** What you need to do **
Give back exactly the lines of the data below, starting with the line that has "Definition qpoch (R" and going on through the line that has "multiplicity) of f".

** Material for this task **

+++

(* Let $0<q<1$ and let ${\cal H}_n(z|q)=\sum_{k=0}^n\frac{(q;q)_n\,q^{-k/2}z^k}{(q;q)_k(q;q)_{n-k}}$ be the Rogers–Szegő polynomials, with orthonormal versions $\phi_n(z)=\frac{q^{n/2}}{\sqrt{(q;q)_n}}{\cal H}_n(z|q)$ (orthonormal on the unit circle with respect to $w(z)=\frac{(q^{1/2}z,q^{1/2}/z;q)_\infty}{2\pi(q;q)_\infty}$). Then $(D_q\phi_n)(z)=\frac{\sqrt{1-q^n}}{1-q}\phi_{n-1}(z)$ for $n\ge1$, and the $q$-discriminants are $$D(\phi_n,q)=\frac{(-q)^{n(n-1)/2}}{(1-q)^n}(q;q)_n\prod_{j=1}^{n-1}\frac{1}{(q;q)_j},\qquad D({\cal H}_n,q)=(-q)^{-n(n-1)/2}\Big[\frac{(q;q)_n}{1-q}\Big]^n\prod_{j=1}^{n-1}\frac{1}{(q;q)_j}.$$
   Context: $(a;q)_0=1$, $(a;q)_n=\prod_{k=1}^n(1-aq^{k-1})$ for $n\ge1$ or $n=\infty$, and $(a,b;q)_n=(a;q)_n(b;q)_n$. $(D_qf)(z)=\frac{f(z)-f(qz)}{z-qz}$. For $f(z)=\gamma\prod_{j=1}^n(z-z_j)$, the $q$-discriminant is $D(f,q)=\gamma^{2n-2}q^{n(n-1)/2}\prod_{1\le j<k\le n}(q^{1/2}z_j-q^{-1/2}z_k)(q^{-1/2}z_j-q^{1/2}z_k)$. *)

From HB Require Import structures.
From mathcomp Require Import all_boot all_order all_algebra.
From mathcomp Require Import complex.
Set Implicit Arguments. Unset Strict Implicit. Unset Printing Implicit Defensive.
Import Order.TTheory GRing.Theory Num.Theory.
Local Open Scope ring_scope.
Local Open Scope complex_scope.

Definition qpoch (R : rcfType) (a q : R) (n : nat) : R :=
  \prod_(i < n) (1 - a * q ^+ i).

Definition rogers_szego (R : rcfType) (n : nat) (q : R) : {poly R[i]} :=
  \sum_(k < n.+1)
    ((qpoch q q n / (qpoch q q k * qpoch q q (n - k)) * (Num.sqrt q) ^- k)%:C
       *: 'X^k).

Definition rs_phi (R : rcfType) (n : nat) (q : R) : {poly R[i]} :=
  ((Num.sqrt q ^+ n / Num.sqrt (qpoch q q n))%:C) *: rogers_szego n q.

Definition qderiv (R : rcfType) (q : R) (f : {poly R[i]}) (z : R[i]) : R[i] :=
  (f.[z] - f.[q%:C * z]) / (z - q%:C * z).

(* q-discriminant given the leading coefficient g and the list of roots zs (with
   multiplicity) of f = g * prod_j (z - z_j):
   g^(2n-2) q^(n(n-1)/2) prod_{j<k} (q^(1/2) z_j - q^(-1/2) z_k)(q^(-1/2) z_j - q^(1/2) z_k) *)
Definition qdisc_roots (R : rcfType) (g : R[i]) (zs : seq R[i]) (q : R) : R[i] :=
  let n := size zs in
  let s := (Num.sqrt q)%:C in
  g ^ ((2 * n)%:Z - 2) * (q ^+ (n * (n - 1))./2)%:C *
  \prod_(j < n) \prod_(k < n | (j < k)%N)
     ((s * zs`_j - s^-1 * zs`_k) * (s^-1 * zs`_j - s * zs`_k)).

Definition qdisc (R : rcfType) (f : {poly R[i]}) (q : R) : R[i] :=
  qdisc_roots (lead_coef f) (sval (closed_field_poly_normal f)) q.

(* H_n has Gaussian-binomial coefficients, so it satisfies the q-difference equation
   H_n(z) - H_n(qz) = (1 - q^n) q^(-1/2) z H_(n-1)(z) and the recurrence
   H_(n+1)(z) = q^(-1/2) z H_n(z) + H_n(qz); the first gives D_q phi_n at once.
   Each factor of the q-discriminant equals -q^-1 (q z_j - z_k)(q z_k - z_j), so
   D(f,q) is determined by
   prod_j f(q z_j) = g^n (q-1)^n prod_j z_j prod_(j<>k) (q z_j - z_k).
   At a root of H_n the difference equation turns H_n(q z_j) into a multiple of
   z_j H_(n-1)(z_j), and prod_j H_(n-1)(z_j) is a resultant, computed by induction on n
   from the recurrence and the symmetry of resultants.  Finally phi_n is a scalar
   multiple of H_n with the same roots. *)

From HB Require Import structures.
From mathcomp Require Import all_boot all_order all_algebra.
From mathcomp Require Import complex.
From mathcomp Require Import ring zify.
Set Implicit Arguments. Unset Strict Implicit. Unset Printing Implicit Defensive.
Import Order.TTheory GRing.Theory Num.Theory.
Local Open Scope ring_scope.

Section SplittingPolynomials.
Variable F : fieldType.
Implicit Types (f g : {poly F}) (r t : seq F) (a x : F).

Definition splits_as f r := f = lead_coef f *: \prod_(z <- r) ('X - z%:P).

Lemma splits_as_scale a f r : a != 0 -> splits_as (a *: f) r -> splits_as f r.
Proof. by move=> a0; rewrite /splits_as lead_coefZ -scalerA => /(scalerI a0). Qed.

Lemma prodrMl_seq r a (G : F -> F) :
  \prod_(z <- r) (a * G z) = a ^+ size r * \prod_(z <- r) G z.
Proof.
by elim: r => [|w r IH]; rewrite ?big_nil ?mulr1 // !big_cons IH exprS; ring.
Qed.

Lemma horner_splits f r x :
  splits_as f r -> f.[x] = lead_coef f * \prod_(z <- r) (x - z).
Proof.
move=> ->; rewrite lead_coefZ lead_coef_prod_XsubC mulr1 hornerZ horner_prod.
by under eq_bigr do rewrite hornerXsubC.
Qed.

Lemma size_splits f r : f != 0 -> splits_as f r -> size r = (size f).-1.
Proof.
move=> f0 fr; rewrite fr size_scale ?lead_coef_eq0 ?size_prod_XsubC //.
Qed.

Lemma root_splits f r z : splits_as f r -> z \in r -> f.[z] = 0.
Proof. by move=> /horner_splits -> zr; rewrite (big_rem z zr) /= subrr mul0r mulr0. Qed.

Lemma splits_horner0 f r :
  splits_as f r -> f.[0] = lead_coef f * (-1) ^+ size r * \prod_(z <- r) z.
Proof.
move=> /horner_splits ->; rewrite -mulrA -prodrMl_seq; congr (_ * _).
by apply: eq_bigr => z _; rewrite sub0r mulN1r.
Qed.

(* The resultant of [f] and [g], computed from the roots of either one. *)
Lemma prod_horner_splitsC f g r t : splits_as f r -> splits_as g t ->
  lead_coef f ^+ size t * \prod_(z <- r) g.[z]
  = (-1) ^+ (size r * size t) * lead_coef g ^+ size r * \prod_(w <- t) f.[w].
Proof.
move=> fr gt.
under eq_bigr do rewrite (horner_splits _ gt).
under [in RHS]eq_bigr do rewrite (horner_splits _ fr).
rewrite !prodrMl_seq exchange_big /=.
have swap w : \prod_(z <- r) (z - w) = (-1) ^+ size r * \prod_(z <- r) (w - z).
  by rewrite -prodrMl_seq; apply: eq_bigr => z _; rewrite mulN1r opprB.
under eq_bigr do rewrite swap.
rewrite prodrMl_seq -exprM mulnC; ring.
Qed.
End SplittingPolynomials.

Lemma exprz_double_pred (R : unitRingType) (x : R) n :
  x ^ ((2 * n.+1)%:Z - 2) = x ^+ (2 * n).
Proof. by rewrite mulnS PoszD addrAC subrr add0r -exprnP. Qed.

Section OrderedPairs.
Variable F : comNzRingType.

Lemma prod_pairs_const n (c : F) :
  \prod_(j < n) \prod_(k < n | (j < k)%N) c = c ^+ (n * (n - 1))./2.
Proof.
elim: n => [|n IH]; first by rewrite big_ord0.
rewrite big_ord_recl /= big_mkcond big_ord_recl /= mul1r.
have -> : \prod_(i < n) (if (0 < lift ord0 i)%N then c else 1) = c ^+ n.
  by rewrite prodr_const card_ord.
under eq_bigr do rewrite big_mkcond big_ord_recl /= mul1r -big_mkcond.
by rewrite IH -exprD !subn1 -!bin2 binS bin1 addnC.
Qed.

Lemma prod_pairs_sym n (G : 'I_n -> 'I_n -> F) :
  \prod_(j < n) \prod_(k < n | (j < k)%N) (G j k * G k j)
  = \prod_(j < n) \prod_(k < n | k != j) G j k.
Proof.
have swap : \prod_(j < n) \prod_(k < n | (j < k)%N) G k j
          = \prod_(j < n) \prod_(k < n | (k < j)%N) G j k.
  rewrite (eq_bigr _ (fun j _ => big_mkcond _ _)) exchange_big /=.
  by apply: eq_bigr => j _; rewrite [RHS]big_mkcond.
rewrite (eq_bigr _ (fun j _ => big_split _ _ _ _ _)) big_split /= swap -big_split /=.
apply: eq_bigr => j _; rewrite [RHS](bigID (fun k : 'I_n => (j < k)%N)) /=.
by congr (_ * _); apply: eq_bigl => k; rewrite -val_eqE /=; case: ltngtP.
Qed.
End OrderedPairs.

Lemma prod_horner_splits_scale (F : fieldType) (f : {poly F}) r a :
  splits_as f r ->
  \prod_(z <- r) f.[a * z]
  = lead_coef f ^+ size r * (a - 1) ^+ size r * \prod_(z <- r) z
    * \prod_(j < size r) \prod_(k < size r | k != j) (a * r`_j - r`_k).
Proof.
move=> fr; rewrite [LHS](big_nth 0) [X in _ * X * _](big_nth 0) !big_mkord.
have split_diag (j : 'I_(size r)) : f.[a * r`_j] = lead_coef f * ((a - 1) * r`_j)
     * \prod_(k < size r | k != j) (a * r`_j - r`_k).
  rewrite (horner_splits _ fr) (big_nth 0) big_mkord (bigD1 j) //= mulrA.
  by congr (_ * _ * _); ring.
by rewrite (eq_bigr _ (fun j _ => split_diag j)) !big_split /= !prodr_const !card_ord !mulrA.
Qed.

+++

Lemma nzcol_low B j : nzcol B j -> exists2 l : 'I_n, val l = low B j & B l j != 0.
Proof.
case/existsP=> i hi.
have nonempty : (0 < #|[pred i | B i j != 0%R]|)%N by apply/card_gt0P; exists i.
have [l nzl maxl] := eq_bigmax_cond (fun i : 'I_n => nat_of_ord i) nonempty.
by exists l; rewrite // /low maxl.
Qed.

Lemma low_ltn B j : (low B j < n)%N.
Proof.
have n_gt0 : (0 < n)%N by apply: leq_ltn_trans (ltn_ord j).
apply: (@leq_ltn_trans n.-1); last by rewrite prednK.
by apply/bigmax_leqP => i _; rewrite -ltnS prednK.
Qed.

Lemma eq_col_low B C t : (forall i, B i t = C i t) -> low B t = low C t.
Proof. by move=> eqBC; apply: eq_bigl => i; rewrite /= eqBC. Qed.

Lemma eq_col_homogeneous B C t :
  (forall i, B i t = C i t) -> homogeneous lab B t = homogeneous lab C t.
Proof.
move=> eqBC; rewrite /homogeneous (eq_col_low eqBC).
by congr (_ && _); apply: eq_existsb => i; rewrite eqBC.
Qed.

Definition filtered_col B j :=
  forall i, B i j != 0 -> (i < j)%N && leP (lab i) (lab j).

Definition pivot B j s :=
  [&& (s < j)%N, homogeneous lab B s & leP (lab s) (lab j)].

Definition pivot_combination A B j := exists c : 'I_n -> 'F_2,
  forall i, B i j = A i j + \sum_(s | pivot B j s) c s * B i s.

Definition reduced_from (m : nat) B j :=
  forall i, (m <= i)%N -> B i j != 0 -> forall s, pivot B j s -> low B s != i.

+++

** Answer to the problem **
Definition qpoch (R : rcfType) (a q : R) (n : nat) : R :=
  \prod_(i < n) (1 - a * q ^+ i).

Definition rogers_szego (R : rcfType) (n : nat) (q : R) : {poly R[i]} :=
  \sum_(k < n.+1)
    ((qpoch q q n / (qpoch q q k * qpoch q q (n - k)) * (Num.sqrt q) ^- k)%:C
       *: 'X^k).

Definition rs_phi (R : rcfType) (n : nat) (q : R) : {poly R[i]} :=
  ((Num.sqrt q ^+ n / Num.sqrt (qpoch q q n))%:C) *: rogers_szego n q.

Definition qderiv (R : rcfType) (q : R) (f : {poly R[i]}) (z : R[i]) : R[i] :=
  (f.[z] - f.[q%:C * z]) / (z - q%:C * z).

(* q-discriminant given the leading coefficient g and the list of roots zs (with
   multiplicity) of f = g * prod_j (z - z_j):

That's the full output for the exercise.